Monday 2 July 2012

Alternative to DfE grammar rubbish

OK, constructive criticism time:

The hardest but most necessary thing for children and young people to grasp is the 'dialect' or 'register' of written English. The main reason for that is that we don't usually speak in sentences and paragraphs. We break off in the middle of what we're saying, we correct ourselves and track back, we use a lot more pronouns and stand-in phrases (ie lots of 'him' 'it' 'there' 'here' etc) because it's obvious from the context (eg through gesture or what someone said earlier), what we mean. We interrupt each other a lot, finish what the other person is saying, we break off and then start again...and so on.

Most writing (apart from speech in fiction and plays, and for certain effects in poetry) is not like that.

So, it seems to me that the key thing we can do to help children and young people is to get them to a) make transcripts of their own speech b) make transcripts of other people's speech c) compare these with various kinds of formal prose taken from newspapers, magazines, novels, instructions or whatever.

Then, just as people do in learning a foreign language, attempt 'translations' of the informal speech into formal prose, looking at why and how things are changing to go from one to the other.

So, rather than fatuous decontextualised sentences, some of which don't make sense and couldn't ever have been said or written, tests of any kind could follow this model of working between speech and writing, comparing the two, coming up with written forms of the spoken and so on. There would be of course various possibilities in terms of 'correct answer' - but then that's real language in use. There are always acceptable alternatives.

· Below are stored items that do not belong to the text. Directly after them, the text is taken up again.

(* Let $S(t)$ be an inverse subordinator, $T>0$, $Z_0>0$, $\sigma>0$. Assume the option is at the money ($K=Z_0$), the interest rate is $r=0$, and the Bachelier volatility is $\sigma^{Ba}=\sigma Z_0$. Let $C^{Ba}_S(T)$ and $C_S(T)$ be the fair prices of the European call option with strike $K$ and expiry $T$ in the subordinated Bachelier model and in the subordinated Black–Scholes model, respectively. Then $$0\le C^{Ba}_S(T)-C_S(T)\le \mathbb{E}\big[S(T)^{3/2}\big]\cdot\frac{Z_0}{12\sqrt{2\pi}}\,\sigma^3 .$$ The same two-sided bound holds for the corresponding European put prices.
   Context: Inverse subordinator: let $\nu$ be a Lévy measure on $(0,\infty)$ with $\int_0^\infty \min(1,x)\,\nu(dx)<\infty$ and $\nu(0,\infty)=\infty$, let $\psi(u)=\int_0^\infty(1-e^{-ux})\,\nu(dx)$, and let $U_\psi$ be the subordinator with $\mathbb{E}e^{-uU_\psi(t)}=e^{-t\psi(u)}$; the inverse subordinator is $S(t)=\inf\{\tau>0: U_\psi(\tau)>t\}$. $B$ is a standard Brownian motion independent of $S$. Subordinated Bachelier model: underlying $Z^{Ba}_S(t)=Z_0+\mu S(t)+\sigma^{Ba}B(S(t))$; subordinated B-S model: underlying $Z_S(t)=Z_0\exp(\mu S(t)+\sigma B(S(t)))$. For $\tau\ge0$, let $C^{Ba}(\tau)$ be the classical Bachelier call price with time to maturity $\tau$ (with $r=0$, $K=Z_0$: $C^{Ba}(\tau)=\sigma^{Ba}\sqrt{\tau}/\sqrt{2\pi}$) and $C(\tau)$ the classical Black–Scholes call price (with $r=0$, $K=Z_0$: $C(\tau)=Z_0(2\Phi(\sigma\sqrt\tau/2)-1)$, $\Phi$ the standard normal CDF). The fair prices in the subordinated models are $C^{Ba}_S(T)=\mathbb{E}\,C^{Ba}(S(T))$ and $C_S(T)=\mathbb{E}\,C(S(T))$ (prices under the respective minimal-entropy martingale measures); put prices are defined analogously. *)

From HB Require Import structures.
From mathcomp Require Import all_boot all_order all_algebra.
From mathcomp Require Import all_classical all_reals all_analysis.
Set Implicit Arguments. Unset Strict Implicit. Unset Printing Implicit Defensive.
Import Order.TTheory GRing.Theory Num.Theory.
Import numFieldNormedType.Exports.
Local Open Scope classical_set_scope.
Local Open Scope ring_scope.

Section Defs.
Context (R : realType).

The 'tailback' in terms of teaching would be much more interesting and exciting than the tailback implied by this awful and silly test. Making transcripts of real speech brings you face to face with real language in context and raises all kinds of questions about whether people know what they're saying, whether it matters if they've made errors or said things that are ambiguous and so on. Trying to turn this into written language is hard but it's the key challenge for all children and young people. The moment you try, you come up against how to construct formal sentences. That's the challenge, so why not cut to the chase and get children and young people in the laboratory of real language in use trying to do it. This new DfE test will simply create a vast industry of exercises, cloze procedures, newsagents guides to grammar and the rest. For many children it will be an occult art, for the simple reason they don't read enough books for pleasure to assimilate most of this stuff through the texts they're reading.

By the way, the great grammarian and linguist M.A.K. Halliday nearly always (or always!) used language examples that had either been said or written. He didn't make up these spurious decontextualised ones.  Real grammarians know that they have to start from real language in use.